Source records Start Marker
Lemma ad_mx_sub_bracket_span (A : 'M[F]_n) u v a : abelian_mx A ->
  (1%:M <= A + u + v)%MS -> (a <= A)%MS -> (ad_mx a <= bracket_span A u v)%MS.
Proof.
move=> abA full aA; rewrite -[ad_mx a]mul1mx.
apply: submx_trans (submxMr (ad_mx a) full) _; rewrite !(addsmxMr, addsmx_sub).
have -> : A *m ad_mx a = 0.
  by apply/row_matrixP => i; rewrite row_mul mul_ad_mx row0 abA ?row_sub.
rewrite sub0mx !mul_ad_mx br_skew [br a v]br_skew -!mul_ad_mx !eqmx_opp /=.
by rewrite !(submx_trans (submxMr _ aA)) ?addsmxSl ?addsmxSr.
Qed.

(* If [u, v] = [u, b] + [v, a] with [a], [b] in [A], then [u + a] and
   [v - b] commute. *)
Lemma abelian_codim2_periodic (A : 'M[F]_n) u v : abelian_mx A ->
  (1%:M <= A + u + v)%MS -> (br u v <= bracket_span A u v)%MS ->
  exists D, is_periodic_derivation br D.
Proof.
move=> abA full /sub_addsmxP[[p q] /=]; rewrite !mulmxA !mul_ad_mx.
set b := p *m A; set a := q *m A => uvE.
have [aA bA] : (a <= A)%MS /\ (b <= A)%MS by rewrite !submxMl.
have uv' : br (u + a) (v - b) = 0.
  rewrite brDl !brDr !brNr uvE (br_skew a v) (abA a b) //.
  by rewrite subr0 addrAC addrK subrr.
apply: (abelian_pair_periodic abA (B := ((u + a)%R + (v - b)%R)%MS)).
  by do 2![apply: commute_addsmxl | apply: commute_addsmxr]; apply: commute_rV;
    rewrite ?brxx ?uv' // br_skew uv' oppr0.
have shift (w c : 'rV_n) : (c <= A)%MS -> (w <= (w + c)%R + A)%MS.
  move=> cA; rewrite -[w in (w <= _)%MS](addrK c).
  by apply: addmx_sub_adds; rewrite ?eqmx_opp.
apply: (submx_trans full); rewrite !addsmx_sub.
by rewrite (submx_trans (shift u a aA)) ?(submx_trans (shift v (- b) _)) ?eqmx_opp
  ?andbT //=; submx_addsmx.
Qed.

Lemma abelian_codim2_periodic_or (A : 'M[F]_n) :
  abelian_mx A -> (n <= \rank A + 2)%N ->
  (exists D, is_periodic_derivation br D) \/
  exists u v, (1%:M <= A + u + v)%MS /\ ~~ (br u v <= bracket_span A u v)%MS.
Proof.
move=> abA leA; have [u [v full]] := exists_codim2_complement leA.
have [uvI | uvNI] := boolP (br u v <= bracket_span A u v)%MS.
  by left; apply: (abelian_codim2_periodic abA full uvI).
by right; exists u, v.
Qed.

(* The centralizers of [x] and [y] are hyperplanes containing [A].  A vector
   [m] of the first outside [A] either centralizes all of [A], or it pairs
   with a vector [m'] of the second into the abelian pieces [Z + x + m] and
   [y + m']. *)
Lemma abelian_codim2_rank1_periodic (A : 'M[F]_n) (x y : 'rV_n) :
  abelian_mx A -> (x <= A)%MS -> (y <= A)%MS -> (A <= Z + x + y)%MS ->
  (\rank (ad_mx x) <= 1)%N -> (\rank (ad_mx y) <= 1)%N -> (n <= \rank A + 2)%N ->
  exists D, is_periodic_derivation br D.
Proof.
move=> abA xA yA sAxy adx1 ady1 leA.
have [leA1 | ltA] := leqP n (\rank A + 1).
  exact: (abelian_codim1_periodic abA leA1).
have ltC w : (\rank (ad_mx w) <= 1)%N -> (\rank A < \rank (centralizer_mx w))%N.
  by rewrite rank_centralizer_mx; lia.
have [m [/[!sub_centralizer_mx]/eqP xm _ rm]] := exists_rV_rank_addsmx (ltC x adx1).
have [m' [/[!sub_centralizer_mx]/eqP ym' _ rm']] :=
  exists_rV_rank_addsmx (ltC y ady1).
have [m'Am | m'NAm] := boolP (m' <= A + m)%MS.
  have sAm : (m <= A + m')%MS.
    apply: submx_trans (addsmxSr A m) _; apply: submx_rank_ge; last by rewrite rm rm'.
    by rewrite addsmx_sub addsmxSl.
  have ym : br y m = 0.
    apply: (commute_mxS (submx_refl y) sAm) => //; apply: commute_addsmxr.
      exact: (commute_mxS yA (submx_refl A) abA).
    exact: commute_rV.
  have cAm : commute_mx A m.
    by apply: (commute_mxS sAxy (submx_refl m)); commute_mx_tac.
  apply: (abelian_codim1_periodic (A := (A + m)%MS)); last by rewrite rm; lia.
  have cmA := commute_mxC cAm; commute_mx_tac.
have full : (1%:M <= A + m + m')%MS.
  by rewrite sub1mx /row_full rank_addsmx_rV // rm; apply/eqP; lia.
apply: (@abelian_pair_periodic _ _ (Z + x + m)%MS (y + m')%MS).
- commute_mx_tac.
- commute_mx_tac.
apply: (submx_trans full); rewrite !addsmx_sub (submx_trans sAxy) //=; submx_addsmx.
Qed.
Source records End Marker
Source records Start Marker
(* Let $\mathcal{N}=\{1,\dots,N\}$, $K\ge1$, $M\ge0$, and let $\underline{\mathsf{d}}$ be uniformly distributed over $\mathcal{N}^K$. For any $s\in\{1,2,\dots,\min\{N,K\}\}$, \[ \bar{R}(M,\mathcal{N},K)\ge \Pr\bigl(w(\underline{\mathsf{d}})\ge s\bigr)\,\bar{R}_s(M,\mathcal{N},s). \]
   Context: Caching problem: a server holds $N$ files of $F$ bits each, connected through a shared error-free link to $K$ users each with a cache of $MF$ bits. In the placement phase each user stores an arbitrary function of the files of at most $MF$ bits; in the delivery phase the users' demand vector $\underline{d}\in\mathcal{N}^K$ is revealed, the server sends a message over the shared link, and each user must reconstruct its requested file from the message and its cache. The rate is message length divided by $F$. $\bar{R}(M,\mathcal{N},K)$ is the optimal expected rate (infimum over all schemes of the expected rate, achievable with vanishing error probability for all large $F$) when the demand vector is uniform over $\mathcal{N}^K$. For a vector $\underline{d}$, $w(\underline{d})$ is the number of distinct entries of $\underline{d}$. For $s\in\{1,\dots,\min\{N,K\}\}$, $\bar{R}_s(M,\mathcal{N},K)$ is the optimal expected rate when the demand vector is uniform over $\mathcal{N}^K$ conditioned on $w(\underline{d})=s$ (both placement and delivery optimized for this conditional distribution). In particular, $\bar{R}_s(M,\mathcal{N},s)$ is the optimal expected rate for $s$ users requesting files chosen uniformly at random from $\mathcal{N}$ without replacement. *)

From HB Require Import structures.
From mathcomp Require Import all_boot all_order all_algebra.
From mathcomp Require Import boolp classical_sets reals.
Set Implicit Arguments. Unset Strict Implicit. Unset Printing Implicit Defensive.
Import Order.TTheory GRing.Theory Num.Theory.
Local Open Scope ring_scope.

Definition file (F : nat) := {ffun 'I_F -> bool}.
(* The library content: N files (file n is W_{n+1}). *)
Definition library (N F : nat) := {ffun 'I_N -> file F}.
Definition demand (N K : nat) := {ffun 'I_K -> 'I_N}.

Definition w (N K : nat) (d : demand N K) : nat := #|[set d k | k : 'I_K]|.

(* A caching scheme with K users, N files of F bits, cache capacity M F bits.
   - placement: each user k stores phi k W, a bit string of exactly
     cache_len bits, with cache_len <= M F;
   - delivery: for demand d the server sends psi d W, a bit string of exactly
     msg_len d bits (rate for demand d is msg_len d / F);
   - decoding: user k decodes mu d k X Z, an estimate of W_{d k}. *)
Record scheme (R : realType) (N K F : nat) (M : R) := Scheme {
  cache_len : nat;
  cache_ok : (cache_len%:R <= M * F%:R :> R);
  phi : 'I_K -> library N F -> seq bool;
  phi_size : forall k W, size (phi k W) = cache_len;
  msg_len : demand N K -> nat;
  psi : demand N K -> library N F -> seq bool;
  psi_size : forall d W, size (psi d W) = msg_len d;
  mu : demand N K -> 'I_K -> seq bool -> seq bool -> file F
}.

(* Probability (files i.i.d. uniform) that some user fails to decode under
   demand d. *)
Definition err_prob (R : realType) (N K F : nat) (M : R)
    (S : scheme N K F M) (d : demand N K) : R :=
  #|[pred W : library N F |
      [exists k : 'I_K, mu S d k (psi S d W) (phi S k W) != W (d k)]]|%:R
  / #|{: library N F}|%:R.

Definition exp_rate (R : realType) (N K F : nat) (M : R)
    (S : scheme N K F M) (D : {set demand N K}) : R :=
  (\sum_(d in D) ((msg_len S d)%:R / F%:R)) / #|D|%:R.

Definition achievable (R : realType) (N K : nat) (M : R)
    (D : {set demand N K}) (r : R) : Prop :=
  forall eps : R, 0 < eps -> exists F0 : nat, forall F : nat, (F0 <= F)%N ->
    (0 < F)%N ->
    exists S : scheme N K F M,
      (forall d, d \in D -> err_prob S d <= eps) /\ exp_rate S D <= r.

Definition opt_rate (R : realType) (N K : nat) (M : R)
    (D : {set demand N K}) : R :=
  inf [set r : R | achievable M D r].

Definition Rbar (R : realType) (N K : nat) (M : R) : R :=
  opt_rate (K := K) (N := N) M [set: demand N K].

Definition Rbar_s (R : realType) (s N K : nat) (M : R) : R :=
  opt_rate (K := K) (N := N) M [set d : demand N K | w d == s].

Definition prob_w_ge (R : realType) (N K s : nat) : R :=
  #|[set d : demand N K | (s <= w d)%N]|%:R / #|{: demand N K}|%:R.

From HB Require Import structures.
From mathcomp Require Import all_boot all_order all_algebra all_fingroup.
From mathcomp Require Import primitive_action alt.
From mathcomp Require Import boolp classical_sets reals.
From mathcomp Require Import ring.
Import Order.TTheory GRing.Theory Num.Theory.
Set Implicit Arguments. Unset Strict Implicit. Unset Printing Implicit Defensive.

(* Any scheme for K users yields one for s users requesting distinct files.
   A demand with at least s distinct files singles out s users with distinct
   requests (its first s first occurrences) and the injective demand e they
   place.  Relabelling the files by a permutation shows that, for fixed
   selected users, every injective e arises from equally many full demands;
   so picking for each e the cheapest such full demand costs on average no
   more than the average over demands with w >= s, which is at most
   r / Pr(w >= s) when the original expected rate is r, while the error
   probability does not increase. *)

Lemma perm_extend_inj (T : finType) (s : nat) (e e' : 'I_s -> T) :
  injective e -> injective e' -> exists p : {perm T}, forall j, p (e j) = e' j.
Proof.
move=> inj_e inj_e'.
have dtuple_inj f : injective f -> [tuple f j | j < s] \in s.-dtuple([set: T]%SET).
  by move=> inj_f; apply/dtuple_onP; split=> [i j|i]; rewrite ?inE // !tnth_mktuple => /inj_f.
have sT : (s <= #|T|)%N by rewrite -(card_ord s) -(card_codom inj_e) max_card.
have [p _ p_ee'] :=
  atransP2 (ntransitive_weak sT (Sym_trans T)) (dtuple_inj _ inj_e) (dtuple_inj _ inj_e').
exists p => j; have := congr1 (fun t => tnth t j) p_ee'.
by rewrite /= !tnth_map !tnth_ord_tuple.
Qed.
Source records End Marker
Exercise objective ▸ Of the lines above, copy each one that contains the word "stores".

Exercise result ▸
   Context: Caching problem: a server holds $N$ files of $F$ bits each, connected through a shared error-free link to $K$ users each with a cache of $MF$ bits. In the placement phase each user stores an arbitrary function of the files of at most $MF$ bits; in the delivery phase the users' demand vector $\underline{d}\in\mathcal{N}^K$ is revealed, the server sends a message over the shared link, and each user must reconstruct its requested file from the message and its cache. The rate is message length divided by $F$. $\bar{R}(M,\mathcal{N},K)$ is the optimal expected rate (infimum over all schemes of the expected rate, achievable with vanishing error probability for all large $F$) when the demand vector is uniform over $\mathcal{N}^K$. For a vector $\underline{d}$, $w(\underline{d})$ is the number of distinct entries of $\underline{d}$. For $s\in\{1,\dots,\min\{N,K\}\}$, $\bar{R}_s(M,\mathcal{N},K)$ is the optimal expected rate when the demand vector is uniform over $\mathcal{N}^K$ conditioned on $w(\underline{d})=s$ (both placement and delivery optimized for this conditional distribution). In particular, $\bar{R}_s(M,\mathcal{N},s)$ is the optimal expected rate for $s$ users requesting files chosen uniformly at random from $\mathcal{N}$ without replacement. *)
   - placement: each user k stores phi k W, a bit string of exactly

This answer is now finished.